■ **The problem**
Reproduce the data that follows precisely.
┌─ Supplied material
(* Let $\mathcal P=\big((\{a\}\to\{a\searrow b\})^r_{<5}\big)^{lr}$, a class of continuous maps of topological spaces. Then: (1) a continuous map between normal Hausdorff ($T_4$) spaces lies in $\mathcal P$ iff it is proper (i.e. it is closed and the preimage of every point is compact); (2) a Hausdorff space $K$ is compact iff the map $K\to\{*\}$ lies in $\mathcal P$.
   Context: For morphisms $f:A\to B$ and $g:X\to Y$ in a category, write $f\rightthreetimes g$ (''$f$ has the left lifting property with respect to $g$'') if for all morphisms $i:A\to X$, $j:B\to Y$ with $g\circ i=j\circ f$ there exists a morphism $h:B\to X$ with $h\circ f=i$ and $g\circ h=j$. For a class $C$ of morphisms, $C^l=\{f:\ f\rightthreetimes g\text{ for all }g\in C\}$, $C^r=\{g:\ f\rightthreetimes g\text{ for all }f\in C\}$, $C^{lr}=(C^l)^r$. For a class $C$ of continuous maps, $C_{<n}$ denotes the subclass of those maps whose domain and codomain are finite spaces with fewer than $n$ points. $\{a\searrow b\}$ is the Sierpiński space with open sets $\emptyset,\{a\},\{a,b\}$, and $\{a\}\to\{a\searrow b\}$ is the inclusion of the open point $a$; $\{*\}$ is the one-point space. *)

From Stdlib Require Import List Arith Classical PropExtensionality FunctionalExtensionality.
Import ListNotations.

Record space : Type := Space {
  carrier :> Type;
  is_open : (carrier -> Prop) -> Prop;
  open_full : is_open (fun _ => True);
  open_inter : forall U V, is_open U -> is_open V -> is_open (fun x => U x /\ V x);
  open_union : forall F : (carrier -> Prop) -> Prop,
      (forall U, F U -> is_open U) -> is_open (fun x => exists U, F U /\ U x)
}.
Arguments is_open {s} _.

Definition continuous {X Y : space} (f : X -> Y) : Prop :=
  forall V : Y -> Prop, is_open V -> is_open (fun x => V (f x)).

Definition is_closed {X : space} (A : X -> Prop) : Prop :=
  is_open (fun x => ~ A x).

Definition compact_set {X : space} (A : X -> Prop) : Prop :=
  forall F : (X -> Prop) -> Prop,
    (forall U, F U -> is_open U) ->
    (forall x, A x -> exists U, F U /\ U x) ->
    exists l : list (X -> Prop),
      (forall U, In U l -> F U) /\ (forall x, A x -> exists U, In U l /\ U x).

Definition compact (X : space) : Prop := compact_set (fun _ : X => True).

Definition hausdorff (X : space) : Prop :=
  forall x y : X, x <> y ->
    exists U V : X -> Prop, is_open U /\ is_open V /\ U x /\ V y /\
      (forall z, U z -> V z -> False).

Definition normal (X : space) : Prop :=
  forall A B : X -> Prop, is_closed A -> is_closed B -> (forall z, A z -> B z -> False) ->
    exists U V : X -> Prop, is_open U /\ is_open V /\
      (forall z, A z -> U z) /\ (forall z, B z -> V z) /\
      (forall z, U z -> V z -> False).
└─
■ **Exercise response**
(* Let $\mathcal P=\big((\{a\}\to\{a\searrow b\})^r_{<5}\big)^{lr}$, a class of continuous maps of topological spaces. Then: (1) a continuous map between normal Hausdorff ($T_4$) spaces lies in $\mathcal P$ iff it is proper (i.e. it is closed and the preimage of every point is compact); (2) a Hausdorff space $K$ is compact iff the map $K\to\{*\}$ lies in $\mathcal P$.
   Context: For morphisms $f:A\to B$ and $g:X\to Y$ in a category, write $f\rightthreetimes g$ (''$f$ has the left lifting property with respect to $g$'') if for all morphisms $i:A\to X$, $j:B\to Y$ with $g\circ i=j\circ f$ there exists a morphism $h:B\to X$ with $h\circ f=i$ and $g\circ h=j$. For a class $C$ of morphisms, $C^l=\{f:\ f\rightthreetimes g\text{ for all }g\in C\}$, $C^r=\{g:\ f\rightthreetimes g\text{ for all }f\in C\}$, $C^{lr}=(C^l)^r$. For a class $C$ of continuous maps, $C_{<n}$ denotes the subclass of those maps whose domain and codomain are finite spaces with fewer than $n$ points. $\{a\searrow b\}$ is the Sierpiński space with open sets $\emptyset,\{a\},\{a,b\}$, and $\{a\}\to\{a\searrow b\}$ is the inclusion of the open point $a$; $\{*\}$ is the one-point space. *)

From Stdlib Require Import List Arith Classical PropExtensionality FunctionalExtensionality.
Import ListNotations.

Record space : Type := Space {
  carrier :> Type;
  is_open : (carrier -> Prop) -> Prop;
  open_full : is_open (fun _ => True);
  open_inter : forall U V, is_open U -> is_open V -> is_open (fun x => U x /\ V x);
  open_union : forall F : (carrier -> Prop) -> Prop,
      (forall U, F U -> is_open U) -> is_open (fun x => exists U, F U /\ U x)
}.
Arguments is_open {s} _.

Definition continuous {X Y : space} (f : X -> Y) : Prop :=
  forall V : Y -> Prop, is_open V -> is_open (fun x => V (f x)).

Definition is_closed {X : space} (A : X -> Prop) : Prop :=
  is_open (fun x => ~ A x).

Definition compact_set {X : space} (A : X -> Prop) : Prop :=
  forall F : (X -> Prop) -> Prop,
    (forall U, F U -> is_open U) ->
    (forall x, A x -> exists U, F U /\ U x) ->
    exists l : list (X -> Prop),
      (forall U, In U l -> F U) /\ (forall x, A x -> exists U, In U l /\ U x).

Definition compact (X : space) : Prop := compact_set (fun _ : X => True).

Definition hausdorff (X : space) : Prop :=
  forall x y : X, x <> y ->
    exists U V : X -> Prop, is_open U /\ is_open V /\ U x /\ V y /\
      (forall z, U z -> V z -> False).

Definition normal (X : space) : Prop :=
  forall A B : X -> Prop, is_closed A -> is_closed B -> (forall z, A z -> B z -> False) ->
    exists U V : X -> Prop, is_open U /\ is_open V /\
      (forall z, A z -> U z) /\ (forall z, B z -> V z) /\
      (forall z, U z -> V z -> False).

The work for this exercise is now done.